Hey Girl!!! Diet and workouts looking good   .  Just wanted to say hey!


----------



## Egoatdoor (Mar 12, 2005)

b_reed23 said:
			
		

> Gary...I think you are right...we are the only ones not there...and although I would look like a fatty compared to everyone there...I'd still like to go Is it suppose to be on espn this weekend? I looked on my satellite guide, but didn't see it...


 The Men's competition is still being shown on replay on Pay per View on my cable channel. Not sure if all satellite companies have the Pay Per View telecast. The only women's show on Pay Per View is the Olympia in October.


> I need some help with a leg routine, something that will help tone me up without looking bulky..am I overdoing it?


 I am not sure if I mentioned it before, but 20 rep squats and leg presses can help with lean muscle development in the legs without the "bulk". Another way is to reduce the volume of your leg training, think of it as letting them "atrophy" to some extent.

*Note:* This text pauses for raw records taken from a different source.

(* Let $X,Y$ be metric spaces and equip $X\times Y$ with the $\ell^1$-metric. For any two Borel probability measures $\pi,\pi'$ on $X\times Y$, \[ |\operatorname{dis}\pi-\operatorname{dis}\pi'|\le 2\,d_{\mathrm P}(\pi,\pi'). \]
   Context: For nonempty $S\subset X\times Y$, $\operatorname{dis}S:=\sup\{|d_X(x,x')-d_Y(y,y')|:(x,y),(x',y')\in S\}$, $\operatorname{dis}\emptyset:=\infty$; for a Borel probability measure $\pi$ on $X\times Y$, $\operatorname{dis}\pi:=\inf_S\max\{\operatorname{dis}S,1-\pi(S)\}$ over closed $S\subset X\times Y$. $d_{\mathrm P}$ is the Prohorov metric on the $\ell^1$-product: $d_{\mathrm P}(\mu,\nu):=\inf\{\varepsilon>0:\mu(U_\varepsilon(A))\ge\nu(A)-\varepsilon\ \forall\text{ Borel }A\}$, $U_\varepsilon(A)$ the open $\varepsilon$-neighborhood. *)

From HB Require Import structures.
From mathcomp Require Import all_boot all_order all_algebra.
From mathcomp Require Import all_classical all_reals all_analysis.
Set Implicit Arguments. Unset Strict Implicit. Unset Printing Implicit Defensive.
Import Order.TTheory GRing.Theory Num.Theory.
Local Open Scope classical_set_scope.
Local Open Scope ring_scope.

Section Defs.
Variable R : realType.

Definition is_metric (T : Type) (d : T -> T -> R) : Prop :=
  (forall x y, d x y = 0 <-> x = y) /\
  (forall x y, d x y = d y x) /\
  (forall x y z, d x z <= d x y + d y z).

Variables (X Y : Type) (dX : X -> X -> R) (dY : Y -> Y -> R).

Definition dl1 (p q : X * Y) : R := dX p.1 q.1 + dY p.2 q.2.

Definition Uepsl1 (e : R) (A : set (X * Y)) : set (X * Y) :=
  [set p | exists2 a, A a & dl1 p a < e].

Definition openl1 (A : set (X * Y)) : Prop :=
  forall p, A p -> exists2 e : R, 0 < e & [set q | dl1 p q < e] `<=` A.

Definition closedl1 (A : set (X * Y)) : Prop := openl1 (~` A).

Definition borell1 (A : set (X * Y)) : Prop :=
  smallest (sigma_algebra setT) openl1 A.

(* Borel probability measure on X * Y (values outside Borel sets irrelevant) *)
Definition is_borel_prob (pi : set (X * Y) -> \bar R) : Prop :=
  pi set0 = 0%E /\
  (forall A, borell1 A -> (0 <= pi A)%E) /\
  (forall F : nat -> set (X * Y), (forall n, borell1 (F n)) ->
     trivIset setT F ->
     (fun n => (\sum_(k < n) pi (F k))%E) @ \oo --> pi (\bigcup_k F k)) /\
  pi setT = 1%E.

Definition dis_set (S : set (X * Y)) : \bar R :=
  if `[< S = set0 >] then +oo%E
  else ereal_sup [set (`|dX p.1 q.1 - dY p.2 q.2|)%:E
                 | p in S & q in S].

Definition dis_meas (pi : set (X * Y) -> \bar R) : \bar R :=
  ereal_inf [set Order.max (dis_set S) (1 - pi S)%E | S in closedl1].

Definition prohorov (mu nu : set (X * Y) -> \bar R) : \bar R :=
  ereal_inf [set e%:E | e in [set e : R | 0 < e /\
     forall A, borell1 A -> (nu A - e%:E <= mu (Uepsl1 e A))%E]].

End Defs.

From HB Require Import structures.
From mathcomp Require Import all_boot all_order all_algebra.
From mathcomp Require Import all_classical all_reals all_analysis.
From mathcomp Require Import lra.
From Stdlib Require Import Classical.
Set Implicit Arguments. Unset Strict Implicit. Unset Printing Implicit Defensive.
Import Order.TTheory GRing.Theory Num.Theory.
Local Open Scope classical_set_scope.
Local Open Scope ring_scope.

(* If pi' A - e <= pi (U_e A) for every Borel A, then for any closed S the
   closure T of U_e S is closed, pi T >= pi' S - e, and dis T <= dis S + 2e,
   because for the l^1 metric the quantity |dX(x,x') - dY(y,y')| moves by at
   most d(p,s) + d(q,t) when (p,q) is replaced by (s,t). Hence
   dis pi <= dis pi' + 2e. The Prohorov condition is symmetric (apply it to
   the complement of U_e A), which gives the reverse inequality; both
   distortions lie in [0, 1], so taking the infimum over e yields the claim. *)

Section metric.
Variables (R : realType) (T : Type) (d : T -> T -> R).
Hypothesis hd : is_metric d.

Lemma metric_xx x : d x x = 0. Proof. exact: (proj2 (proj1 hd x x)). Qed.

Lemma metric_sym x y : d x y = d y x. Proof. exact: (proj1 (proj2 hd)). Qed.

Lemma metric_triangle x y z : d x z <= d x y + d y z.
Proof. exact: (proj2 (proj2 hd)). Qed.

Lemma metric_ge0 x y : 0 <= d x y.
Proof. by have := metric_triangle x y x; rewrite metric_xx (metric_sym y x); lra. Qed.

Lemma metric_dist_le x y x' y' : `|d x y - d x' y'| <= d x x' + d y y'.
Proof.
have := metric_triangle x x' y; have := metric_triangle x' y' y.
have := metric_triangle x' x y'; have := metric_triangle x y y'.
rewrite ler_norml (metric_sym y' y) (metric_sym x' x); lra.
Qed.

End metric.

Section l1_metric.
Variables (R : realType) (X Y : Type) (dX : X -> X -> R) (dY : Y -> Y -> R).
Hypotheses (hX : is_metric dX) (hY : is_metric dY).
Local Notation d := (dl1 dX dY).
Local Notation U := (Uepsl1 dX dY).

Lemma is_metric_dl1 : is_metric d.
Proof.
split; [|split].
- move=> p q; rewrite /dl1; split => [|<-]; last by rewrite (metric_xx hX) (metric_xx hY) addr0.
  have := metric_ge0 hX p.1 q.1; have := metric_ge0 hY p.2 q.2 => h2 h1 h.
  have /(proj1 (proj1 hX _ _)) e1 : dX p.1 q.1 = 0 by lra.
  have /(proj1 (proj1 hY _ _)) e2 : dY p.2 q.2 = 0 by lra.
  by case: p q e1 e2 {h h1 h2} => [x y] [x' y'] /= -> ->.
- by move=> p q; rewrite /dl1 (metric_sym hX) (metric_sym hY).
- move=> p q r; rewrite /dl1.
  by have := metric_triangle hX p.1 q.1 r.1; have := metric_triangle hY p.2 q.2 r.2; lra.
Qed.

Let hd := is_metric_dl1.

Lemma distortion_le p q s t :
  `|dX p.1 q.1 - dY p.2 q.2| <= `|dX s.1 t.1 - dY s.2 t.2| + d p s + d q t.
Proof.
rewrite /dl1; set a := dX p.1 q.1; set b := dY p.2 q.2.
set a' := dX s.1 t.1; set b' := dY s.2 t.2.
have ha := metric_dist_le hX p.1 q.1 s.1 t.1; have hb := metric_dist_le hY p.2 q.2 s.2 t.2.
have -> : a - b = (a' - b') + (a - a') - (b - b') by lra.
apply: (le_trans (ler_normB _ _)); apply: (le_trans (lerD (ler_normD _ _) (lexx _))).
lra.
Qed.

Definition closurel1 (A : set (X * Y)) : set (X * Y) :=
  [set p | forall r, 0 < r -> exists2 q, A q & d p q < r].

Lemma subset_closurel1 A : A `<=` closurel1 A.
Proof. by move=> p Ap r r0; exists p; rewrite // (metric_xx hd). Qed.

Lemma closedl1_closure A : closedl1 dX dY (closurel1 A).
Proof.
move=> p /= np.
have [r r0 hr] : exists2 r, 0 < r & forall q, A q -> r <= d p q.
  apply: NNPP => hn; apply: np => r r0; apply: NNPP => hq; apply: hn.
  by exists r => // q Aq; rewrite leNgt; apply/negP => hlt; apply: hq; exists q.
exists (r / 2); first by lra.
move=> p' /= hp' Cp'; have [q Aq hq] := Cp' (r / 2) ltac:(lra).
by have := hr q Aq; have := metric_triangle hd p p' q; lra.
Qed.

Lemma openl1_Ueps e A : openl1 dX dY (U e A).
Proof.
move=> p [a Aa hpa]; exists (e - d p a); first by rewrite subr_gt0.
move=> q /= hq; exists a => //.
by have := metric_triangle hd q p a; rewrite (metric_sym hd q p); lra.
Qed.

Lemma closurel1_Ueps_sub e r S : e < r -> closurel1 (U e S) `<=` U r S.
Proof.
move=> er p /(_ (r - e)) [|q [a Sa hqa] hpq]; first by rewrite subr_gt0.
by exists a => //; have := metric_triangle hd p q a; lra.
Qed.

Lemma closedl1_set1 p : closedl1 dX dY [set p].
Proof.
move=> q /= nq; exists (d q p) => [|r /= hr rp]; last by move: hr; rewrite rp ltxx.
by rewrite lt_neqAle metric_ge0 // andbT; apply/eqP => /esym /(proj1 (proj1 hd _ _)).
Qed.

Lemma dis_setE S : S !=set0 -> dis_set dX dY S =
  ereal_sup [set (`|dX p.1 q.1 - dY p.2 q.2|)%:E | p in S & q in S].
Proof. by move=> /set0P/negbTE S0; rewrite /dis_set asboolF // => /eqP; rewrite S0. Qed.

Lemma dis_set_le_Ueps e S T : T !=set0 -> (forall r, e < r -> T `<=` U r S) ->
  (dis_set dX dY T <= dis_set dX dY S + (2 * e)%:E)%E.
Proof.
move=> [t Tt] TS; have [s Ss _] := TS (e + 1) ltac:(lra) t Tt.
rewrite !dis_setE; [|by exists s|by exists t].
set D := (E in (_ <= E + _)%E).
have : (0%:E <= D)%E.
  apply: (@le_trans _ _ (`|dX s.1 s.1 - dY s.2 s.2|)%:E); first by rewrite lee_fin.
  by apply: ereal_sup_ubound; exists s => //; exists s.
case eD: D => [r| |] // _; last by rewrite addye // leey.
apply: ge_ereal_sup => _ [p Tp [q Tq <-]].
rewrite -EFinD lee_fin; apply/ler_addgt0Pr => r' r0.
have [a Sa hpa] := TS (e + r' / 2) ltac:(lra) p Tp.
have [b Sb hqb] := TS (e + r' / 2) ltac:(lra) q Tq.
have : (`|dX a.1 b.1 - dY a.2 b.2|%:E <= r%:E)%E.
  by rewrite -eD; apply: ereal_sup_ubound; exists a => //; exists b.
by rewrite lee_fin; have := distortion_le p q a b; lra.
Qed.

End l1_metric.

Section generated_sigma_algebra.
Variables (T : Type) (G : set (set T)).
Local Notation B := <<s G >>.

Lemma g_sigma_algebraC A : B A -> B (~` A).
Proof. by rewrite -setTD; exact: sigma_algebraCD. Qed.

Lemma g_sigma_algebraT : B setT.
Proof. by have := g_sigma_algebraC (@sigma_algebra0 _ setT G); rewrite setC0. Qed.

Lemma g_sigma_algebraU A C : B A -> B C -> B (A `|` C).
Proof.
by move=> hA hC; rewrite -bigcup2E; apply: (@sigma_algebra_bigcup _ setT G) => -[|[|n]] //=;
  exact: sigma_algebra0.
Qed.

Lemma g_sigma_algebraD A C : B A -> B C -> B (A `\` C).
Proof.
move=> hA hC; rewrite setDE -[A `&` _]setCK setCI setCK.
by apply: g_sigma_algebraC; apply: g_sigma_algebraU => //; exact: g_sigma_algebraC.
Qed.

End generated_sigma_algebra.

Section borel_probability.
Variables (R : realType) (X Y : Type) (dX : X -> X -> R) (dY : Y -> Y -> R).
Variable pi : set (X * Y) -> \bar R.
Hypothesis hpi : is_borel_prob dX dY pi.
Local Notation B := (borell1 dX dY).

Lemma borel_probU A C : B A -> B C -> A `&` C = set0 -> pi (A `|` C) = (pi A + pi C)%E.
Proof.
move=> hA hC AC0; have [pi0 [_ [pi_sigma _]]] := hpi.
have hU n : B (bigcup2 A C n) by case: n => [|[|n]] //=; exact: sigma_algebra0.
have := pi_sigma _ hU; rewrite -trivIset_bigcup2 bigcup2E => /(_ AC0) hc.
have hc2 : (fun n => (\sum_(k < n) pi (bigcup2 A C k))%E) @ \oo --> (pi A + pi C)%E.
  apply: cvg_near_cst; near=> n.
  have n2 : (2 <= n)%N by near: n; exists 2%N.
  rewrite -(subnKC n2) big_split_ord /= !big_ord_recr big_ord0 /= add0e.
  by rewrite big1 ?adde0.
exact: (cvg_unique _ hc hc2).
Unshelve. all: by end_near.
Qed.

Lemma borel_probM A C : B A -> B C -> A `<=` C -> (pi A <= pi C)%E.
Proof.
move=> hA hC sAC; rewrite -(setDUK sAC) borel_probU //; last by rewrite setDE setICA setICr setI0.
  by apply: leeDl; apply: (proj1 (proj2 hpi)); exact: g_sigma_algebraD.
exact: g_sigma_algebraD.
Qed.

Lemma borel_prob_fin A : B A -> pi A = (fine (pi A))%:E /\ 0 <= fine (pi A) <= 1.
Proof.
move=> hA; have h0 : (0 <= pi A)%E by apply: (proj1 (proj2 hpi)).
have h1 : (pi A <= 1)%E.
  by rewrite -(proj2 (proj2 (proj2 hpi))); apply: borel_probM => //; exact: g_sigma_algebraT.
by move: h0 h1; case: (pi A) => [r| |] //=; rewrite !lee_fin => -> ->.
Qed.

Lemma borel_probC A : B A -> fine (pi (~` A)) = 1 - fine (pi A).
Proof.
move=> hA; have hA' := g_sigma_algebraC hA.
have := borel_probU hA hA' (setICr A); rewrite setUv (proj2 (proj2 (proj2 hpi))).
rewrite (proj1 (borel_prob_fin hA)) (proj1 (borel_prob_fin hA')) -EFinD => -[->]; lra.
Qed.

End borel_probability.

Section prohorov_distortion.
Variables (R : realType) (X Y : Type) (dX : X -> X -> R) (dY : Y -> Y -> R).
Hypotheses (hX : is_metric dX) (hY : is_metric dY).
Local Notation B := (borell1 dX dY).
Local Notation U := (Uepsl1 dX dY).
Local Notation prob := (is_borel_prob dX dY).

Definition prohorov_close (mu nu : set (X * Y) -> \bar R) (e : R) : Prop :=
  forall A, B A -> (nu A - e%:E <= mu (U e A))%E.

Lemma borel_Ueps e A : B (U e A).
Proof. by apply: sub_sigma_algebra; exact: openl1_Ueps. Qed.

Lemma borel_closed A : closedl1 dX dY A -> B A.
Proof. by move=> /(@sub_sigma_algebra _ setT (openl1 dX dY)) /g_sigma_algebraC; rewrite setCK. Qed.

Lemma prohorov_close_sym mu nu e : prob mu -> prob nu ->
  prohorov_close mu nu e -> prohorov_close nu mu e.
Proof.
move=> hmu hnu h A hA; set C := ~` U e A.
have hUA := borel_Ueps e A; have hC := g_sigma_algebraC hUA.
have hUC := borel_Ueps e C; have hUC' := g_sigma_algebraC hUC.
have AUC : A `<=` ~` U e C.
  move=> x Ax [c Cc hxc]; apply: Cc; exists x => //.
  by rewrite (metric_sym (is_metric_dl1 hX hY)).
have := borel_probM hmu hA hUC' AUC; have := h C hC.
have := borel_probC hmu hUC; have := borel_probC hnu hUA.
have [-> _] := borel_prob_fin hmu hA; have [-> _] := borel_prob_fin hmu hUC.
have [-> _] := borel_prob_fin hmu hUC'; have [-> _] := borel_prob_fin hnu hC.
have [-> _] := borel_prob_fin hnu hUA.
by rewrite -!EFinB !lee_fin; lra.
Qed.

Lemma dis_meas_le mu nu e : prob mu -> prob nu -> 0 < e -> prohorov_close mu nu e ->
  (dis_meas dX dY mu <= dis_meas dX dY nu + (2 * e)%:E)%E.
Proof.
move=> hmu hnu e0 h.
rewrite -leeBlDr //; apply: le_ereal_inf_tmp => _ [S cS <-]; rewrite leeBlDr //.
have [S0|/set0P [s Ss]] := eqVneq S set0.
  rewrite S0 /dis_set asboolT // (_ : Order.max _ _ = +oo%E) ?addye ?leey //.
  by apply/eqP; rewrite eq_le leey le_max lexx.
(* The closure of the e-neighbourhood of S competes in the infimum defining dis mu. *)
pose T := closurel1 dX dY (U e S).
have UT : U e S `<=` T by exact: subset_closurel1.
have hT := borel_closed (closedl1_closure hX hY (A := U e S)).
apply: (@le_trans _ _ (Order.max (dis_set dX dY T) (1 - mu T))%E).
  by apply: ereal_inf_lbound; exists T => //; exact: closedl1_closure.
rewrite ge_max; apply/andP; split.
  apply: le_trans (dis_set_le_Ueps hX hY (e := e) (S := S) _ _) _.
  - by exists s; apply: UT; exists s; rewrite // (metric_xx (is_metric_dl1 hX hY)).
  - by move=> r er; exact: closurel1_Ueps_sub.
  by apply: leeD2r; rewrite le_max lexx.
apply: (@le_trans _ _ ((1 - nu S) + (2 * e)%:E)%E); last by apply: leeD2r; rewrite le_max lexx orbT.
have hS := borel_closed cS; have hUS := borel_Ueps e S.
have := h S hS; have := borel_probM hmu hUS hT UT.
have [-> _] := borel_prob_fin hmu hT; have [-> _] := borel_prob_fin hmu hUS.
have [-> _] := borel_prob_fin hnu hS.
by rewrite -!EFinB -!EFinD !lee_fin; lra.
Qed.

Lemma dis_meas_ge0 mu : prob mu -> (0 <= dis_meas dX dY mu)%E.
Proof.
move=> hmu; apply: le_ereal_inf_tmp => _ [S cS <-]; rewrite le_max; apply/orP; right.
have [-> /andP[_ h1]] := borel_prob_fin hmu (borel_closed cS).
by rewrite -EFinB lee_fin subr_ge0.
Qed.

Lemma dis_meas_le1 mu : prob mu -> (dis_meas dX dY mu <= 1)%E.
Proof.
move=> hmu; have [p _] : [set: X * Y] !=set0.
  apply/set0P/eqP => T0; have [mu0 [_ [_]]] := hmu.
  by rewrite T0 mu0 => /eqP; rewrite eq_sym onee_eq0.
have cp := closedl1_set1 hX hY (p := p).
apply: ge_ereal_inf; exists (Order.max (dis_set dX dY [set p]) (1 - mu [set p]))%E.
  by exists [set p].
rewrite ge_max; apply/andP; split.
  rewrite dis_setE; last by exists p.
  apply: ge_ereal_sup => _ [a /= -> [b /= -> <-]].
  by rewrite (metric_xx hX) (metric_xx hY) subr0 normr0 lee_fin.
have [-> /andP[h0 _]] := borel_prob_fin hmu (borel_closed cp).
by rewrite -EFinB lee_fin; lra.
Qed.

Lemma dis_meas_fin mu : prob mu -> dis_meas dX dY mu = (fine (dis_meas dX dY mu))%:E.
Proof. by move=> hmu; move: (dis_meas_ge0 hmu) (dis_meas_le1 hmu); case: dis_meas. Qed.

Lemma dis_meas_dist_le mu nu e : prob mu -> prob nu -> 0 < e ->
  prohorov_close mu nu e ->
  (`|dis_meas dX dY mu - dis_meas dX dY nu| <= (2 * e)%:E)%E.
Proof.
move=> hmu hnu e0 h; have := dis_meas_le hmu hnu e0 h.
have := dis_meas_le hnu hmu e0 (prohorov_close_sym hmu hnu h).
rewrite (dis_meas_fin hmu) (dis_meas_fin hnu) -EFinB abse_EFin -!EFinD !lee_fin.
by rewrite ler_norml => ? ?; apply/andP; split; lra.
Qed.

End prohorov_distortion.

Theorem lemma4p6 (R : realType) (X Y : Type)
  (dX : X -> X -> R) (dY : Y -> Y -> R)
  (hX : is_metric dX) (hY : is_metric dY)
  (pi pi' : set (X * Y) -> \bar R)
  (hpi : is_borel_prob dX dY pi) (hpi' : is_borel_prob dX dY pi') :
  (`| dis_meas dX dY pi - dis_meas dX dY pi' | <= 2%:E * prohorov dX dY pi pi')%E.
Proof.
rewrite -ereal_inf_pZl //; apply: le_ereal_inf_tmp => _ [_ [e [e0 he] <-] <-].
by rewrite -EFinM; exact: dis_meas_dist_le.
Qed.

> I am a bridesmaid in a wedding in 3 weeks, so I really need to lean up..any suggestions? should I do low carb for a few weeks? I wish I would have had more time to prepare for this..but I just found out 15 minutes ago lol...


 It is OK to go to low carbs ( NOT no carbs) for a short time, so if you want to do this for 2 or 3 weeks, go right ahead. If you find your energy levels dropping from many consecutive days of low carbs, then go back to normal carbs for a day to replenish yourself.


----------



## b_reed23 (Mar 13, 2005)

*hey!*

hello all, I didn't write down my diets for thursday and friday, but they were good, I ate the same things that I usually do, so that's that... 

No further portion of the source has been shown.